This issue tracks a full refactor of the scraper's HTTP transport and browser automation layers to align with the 2026 Cloudflare bypass research.

Modern Cloudflare uses a composite trust score — a scraper must pass all active detection layers simultaneously. The current codebase fails on several of these layers. This refactor brings the entire repository up to the current standard.


Scope of Work

1. HTTP Client — Replace with curl_cffi

The current use of requests / httpx produces non-browser TLS fingerprints, wrong HTTP/2 frame ordering, and incorrect header sequences. These are flagged by Cloudflare before any page logic runs.

  • Replace requests and httpx (where used for scraping) with curl_cffi
  • Use impersonate="chrome" alias (not a pinned version like chrome120) — the alias auto-tracks the latest fingerprint including the X25519MLKEM768 post-quantum key share
  • Do not pass a custom headers={} dict when using impersonate — this breaks the correct header order that impersonation sets automatically
  • Verify HTTP/2 + HTTP/3 frame ordering is handled correctly by curl_cffi (it is, by default)

2. Proxy Layer — Enforce Sticky Sessions

cf_clearance is cryptographically bound to the IP it was issued on. Rotating proxies between challenge-solve and page-fetch breaks the cookie silently, causing 403s that are hard to debug.
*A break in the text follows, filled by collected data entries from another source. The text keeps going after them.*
(* The operator [bbar] acts fibrewise: [bbar xi g x = b_x x (xi^~ x) g].  By
   Tonelli over the countable group, [|bbar xi|^p] is the integral of
   [|b_x x (xi^~ x)|^p], which is at most [(ess sup |b_x|)^p |xi|^p].
   Conversely, if [|b_x| > n] on a non-null set, the separability of [E] and
   the countability of [G] let the witnessing vectors and finite windows of
   coordinates be drawn from a countable family, so that set is a countable
   union of measurable sets; on a subset of one of them of positive finite
   measure (sigma-finiteness), the test function [1_A * eta] gives
   [|bbar| > n]. *)

Section borel_meas.
Context (R : realType) (d : measure_display) (T : measurableType d)
  (E : normedModType R).

Lemma measurable_const_set (P : Prop) : measurable [set _ : T | P].
Proof.
have [h|h] := pselect P.
  by rewrite (_ : [set _ | _] = setT) //; apply/seteqP; split.
by rewrite (_ : [set _ | _] = set0) //; apply/seteqP; split.
Qed.

Lemma borel_meas_cst (v : E) : borel_meas (fun _ : T => v).
Proof. by move=> U _; exact: measurable_const_set. Qed.

Lemma borel_meas_if (A : set T) (v w : E) : measurable A ->
  borel_meas (fun x => if x \in A then v else w).
Proof.
move=> mA U _.
have -> : (fun x => if x \in A then v else w) @^-1` U =
  (A `&` [set _ | U v]) `|` (~` A `&` [set _ | U w]).
  apply/seteqP; split => x /=.
    case: ifPn => xA Ux; [left|right]; split => //; first exact: set_mem.
    by move=> Ax; move: xA; rewrite (mem_set Ax).
  case=> -[xA Ux]; first by rewrite ifT // mem_set.
  by rewrite ifF //; apply/negbTE/negP => /set_mem.
by apply: measurableU; apply: measurableI;
  [|exact: measurable_const_set|exact: measurableC|exact: measurable_const_set].
Qed.

Lemma measurable_norm_sub_lt (f : T -> E) (v : E) (r : R) : borel_meas f ->
  measurable [set x | `|v - f x| < r].
Proof.
move=> bf; apply: (bf [set y | `|v - y| < r]).
rewrite (_ : [set y | _] = ball v r); first exact: ball_open.
by apply/seteqP; split => y /=; rewrite -ball_normE.
Qed.

Lemma measurable_fun_norm (f : T -> E) : borel_meas f ->
  measurable_fun setT (fun x => `|f x|).
Proof.
move=> bf; apply: (measurability _ (measurable_realfun.RGenOpens.measurableE R)).
move=> _ [_ [a [b ->]] <-]; rewrite setTI.
have -> : (fun x => `|f x|) @^-1` `]a, b[%classic =
   f @^-1` ((@Num.Def.normr R E) @^-1` `]a, b[%classic) by [].
apply: bf; move: (@interval_open R (BRight a) (BLeft b) isT isT).
by apply: (proj1 (continuousP _)); exact: norm_continuous.
Qed.

Lemma open_norm_ball (U : set E) (y : E) : open U -> U y ->
  exists2 e : R, 0 < e & forall z, `|y - z| < e -> U z.
Proof.
rewrite openE => /[apply]; rewrite /interior nbhs_ballP => -[e /= e0 eU].
by exists e => // z yz; apply: eU; rewrite -ball_normE.
Qed.

Variable D : nat -> E.
Hypothesis D_dense : forall (y : E) (eps : R), 0 < eps -> exists n, `|y - D n| < eps.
  • Enforce sticky session proxies throughout the pipeline — never rotate IP mid-session
  • Store one browser profile directory per proxy IP to maintain consistent session history
  • Document the sticky session requirement explicitly in the scraper's proxy configuration

3. Browser Automation — Migrate to nodriver

Based on an independent June 2026 benchmark (651 verdicts, 31 Cloudflare targets), nodriver was the only tool to pass all 31 targets with zero blocks. All Playwright-based tools (Camoufox, Patchright, CloakBrowser) remain detectable at the automation-protocol level because they use Playwright's CDP internally.
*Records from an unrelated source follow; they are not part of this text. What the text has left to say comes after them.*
Lemma hpartial2_Phistar Q E E' a b : \det (Mstar Q) != 0 ->
  hderivable (hpartial (fun Q => Phistar Q a b) E) E' Q /\
  hpartial (hpartial (fun Q => Phistar Q a b) E) E' Q =
    d2quot (UVrow Q) (invmx (Mstar Q)) (UVrow E) (Mstar E) (UVrow E') (Mstar E') a b.
Proof.
move=> MQ0; apply: hpartial_is_cderive.
apply: near_eq_is_cderive (is_mderive_dquot _ _ _ _ _ MQ0 a b).
apply: filterS (near_det_Mstar_line E' MQ0) => s MQs0.
by rewrite /hline (hpartial_Phistar E a b MQs0).2 Mstar_line UVrow_line.
Qed.

End PhistarDerive.

Section HmatDirections.
Variable R : realType.

Definition hcscale m n (c : R[i]) (E : hmat R m n) : hmat R m n := (c *: E.1, c *: E.2).

Definition hmap m m' n (f : 'M[R[i]]_(m, n) -> 'M[R[i]]_(m', n)) (E : hmat R m n) :
  hmat R m' n := (f E.1, f E.2).

Lemma sum_hdir (V : zmodType) m n (G : hmat R m n -> V) a b :
  \sum_(k < 4) G (hdir R a b k) =
  G (delta_mx a b, 0) + G (hcscale 'i (delta_mx a b, 0))
  + (G (0, delta_mx a b) + G (hcscale 'i (0, delta_mx a b))).
Proof. by rewrite !big_ord_recl big_ord0 /hdir /hcscale /= !scaler0 addr0 !addrA. Qed.

Lemma hdir_hmap m m' n (f : 'M[R[i]]_(m, n) -> 'M[R[i]]_(m', n)) a a' b k :
  (forall c A, f (c *: A) = c *: f A) -> f (delta_mx a b) = delta_mx a' b ->
  hdir R a' b k = hmap f (hdir R a b k).
Proof.
move=> fZ fab; have f0 : f 0 = 0 by rewrite -(scale0r 0) fZ scale0r.
by rewrite /hdir /hmap; case: k => [[|[|[|k]]] ?] /=; rewrite ?fZ fab f0.
Qed.

End HmatDirections.

Section Isotropy.
Variables (R : realType) (p r : nat).
Local Notation HM := (hmat R (p + (p + r)) p).

Definition htop : hmat R p p -> HM := hmap (fun A => col_mx A 0).
Definition hmid : hmat R p p -> HM := hmap (fun A => col_mx 0 (col_mx A 0)).
Definition hbot : hmat R r p -> HM := hmap (fun A => col_mx 0 (col_mx 0 A)).

Lemma UVrow_htop A : UVrow (htop A) = 0.
Proof. by rewrite /UVrow /blkU /blkV /= !col_mxKd ?linear0 ?oppr0 row_mx0. Qed.

Lemma UVrow_hmid A : UVrow (hmid A) = 0.
Proof. by rewrite /UVrow /blkU /blkV /= !col_mxKd ?linear0 ?oppr0 row_mx0. Qed.

Lemma UVrow_hbot_scale c A : UVrow (hbot (hcscale c A)) = c *: UVrow (hbot A).
Proof. by rewrite /UVrow /blkU /blkV /= !col_mxKd scale_row_mx scalerN. Qed.

Lemma Mstar_hbot A : Mstar (hbot A) = 0.
Proof.
by rewrite /Mstar /blkZ /blkW /blkX /blkY /= !col_mxKu !col_mxKd !col_mxKu
  !cconj0 !subrr addr0 block_mx0.
Qed.

Lemma Mstar_htop_scale_i A : Mstar (htop (hcscale 'i A)) = - 'i *: Mstar (hmid A).
Proof.
rewrite /Mstar /blkZ /blkW /blkX /blkY /= !col_mxKu !col_mxKd !col_mxKu !linear0.
rewrite !cconj0 !cconjZ conjc_i scale_block_mx ?subr0 ?sub0r ?addr0 ?add0r.
by congr block_mx; rewrite ?scaleNr ?scalerN ?opprK.
Qed.

Lemma Mstar_hmid_scale_i A : Mstar (hmid (hcscale 'i A)) = - 'i *: Mstar (htop A).
Proof.
rewrite /Mstar /blkZ /blkW /blkX /blkY /= !col_mxKu !col_mxKd !col_mxKu !linear0.
rewrite !cconj0 !cconjZ conjc_i scale_block_mx ?subr0 ?sub0r ?addr0 ?add0r.
by congr block_mx; rewrite ?scaleNr ?scalerN ?opprK.
Qed.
  • Replace playwright / playwright-extra stealth plugin (deprecated Feb 2025, now reliably detected) with nodriver
  • Add --disable-webrtc to all browser launch args — WebRTC STUN leaks the real machine IP even through a proxy
  • Use headless=False — headless mode produces wrong GPU renderer strings (SwiftShader/Mesa), wrong screen dimensions, and JS timing anomalies
  • Enable persistent user_data_dir so browser profiles accumulate history across sessions

4. Challenge Solving — Cookie Reuse Pattern

Launching a full browser for every scraped page is expensive. The correct production pattern is: solve the JS challenge once with nodriver, extract cf_clearance + __cf_bm, then hand off to curl_cffi for all subsequent page requests.
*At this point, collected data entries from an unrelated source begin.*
Lemma Rabs_le_inv (x y : R) : Rabs x <= y -> - y <= x <= y.
Proof. intros H. pose proof (Rle_abs x). pose proof (Rle_abs (- x)). rewrite Rabs_Ropp in *. lra. Qed.

Lemma Un_cv_const (r : R) : Un_cv (fun _ => r) r.
Proof. intros e He; exists 0%nat; intros; unfold Rdist; rewrite Rminus_diag, Rabs_R0; auto. Qed.

Lemma Rabs_lt_of_sqr_lt x e : 0 < e -> x * x < e * e -> Rabs x < e.
Proof. intros He H. unfold Rabs; destruct Rcase_abs; nra. Qed.

Lemma inv_INR_succ_small eps : 0 < eps -> exists N, forall n, (N <= n)%nat -> / (INR n + 1) < eps.
Proof.
  intros He. destruct (RinvN_cv He) as [N HN]. exists N. intros n Hn.
  specialize (HN n Hn). unfold Rdist in HN. simpl in HN.
  rewrite Rminus_0_r, Rabs_right in HN; auto. apply Rle_ge, Rlt_le, RinvN_pos.
Qed.

Lemma quadratic_bound_linear_coeff0 C K : 0 <= K -> (forall t, 2 * t * C <= t * t * K) -> C = 0.
Proof.
  intros HK H. specialize (H (C / (K + 1))).
  assert (E : C / (K + 1) * (C / (K + 1)) * K = (C * C * K / (K + 1)) / (K + 1)) by (field; lra).
  rewrite E in H. apply Rmult_le_compat_r with (r := K + 1) in H; [|lra].
  replace (2 * (C / (K + 1)) * C * (K + 1)) with (2 * C * C) in H by (field; lra).
  replace (C * C * K / (K + 1) / (K + 1) * (K + 1)) with (C * C * (K / (K + 1))) in H by (field; lra).
  assert (K / (K + 1) <= 1).
  { apply Rmult_le_reg_r with (K + 1); [lra|]. unfold Rdiv. rewrite Rmult_assoc, Rinv_l; lra. }
  pose proof (Rle_0_sqr C). unfold Rsqr in *. nra.
Qed.

(** * Unconditional sums *)

Definition sum_list {I : Type} (f : I -> R) (l : list I) : R :=
  fold_right (fun i acc => f i + acc) 0 l.

Definition has_sum {I : Type} (f : I -> R) (s : R) : Prop :=
  forall eps, 0 < eps -> exists l0 : list I,
    forall l, NoDup l -> incl l0 l -> Rabs (sum_list f l - s) < eps.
  • Implement the solve-once / reuse-many pattern (see Scenario B in the wiki)
  • Extract both cf_clearance and __cf_bm after solving — missing __cf_bm causes re-challenges even when cf_clearance is still valid
  • Pass the exact same User-Agent string from the browser solve session to curl_cffi
  • Monitor for 403 / silent 200-with-challenge-body to detect cookie expiry and trigger a re-solve

5. Behavioral Signals — Session Hygiene

Per-zone ML models score behavioral signals independently per site. This cannot be fixed with a single tool — it requires consistent session hygiene across the board.

  • Add session warm-up: visit the homepage first, let JS execute fully, accumulate cookies, then navigate to target pages via a realistic referrer chain
  • Set Referer headers to match natural in-site navigation (e.g. listing page → detail page)
  • Replace fixed time.sleep() delays with randomized intervals (random.uniform(1.5, 5.0) or gamma-distributed with mean ~3s)
  • Cap parallel sessions at 1–3 per IP — 10+ parallel sessions from one IP is itself a bot signal
  • Persist cookies and session state across scraping runs — never start a fresh cookieless session per run

6. Error Handling — Detect Silent Challenges

Cloudflare sometimes serves a JS challenge as a 200 OK response with challenge HTML in the body. The scraper currently has no detection for this, causing it to silently collect garbage.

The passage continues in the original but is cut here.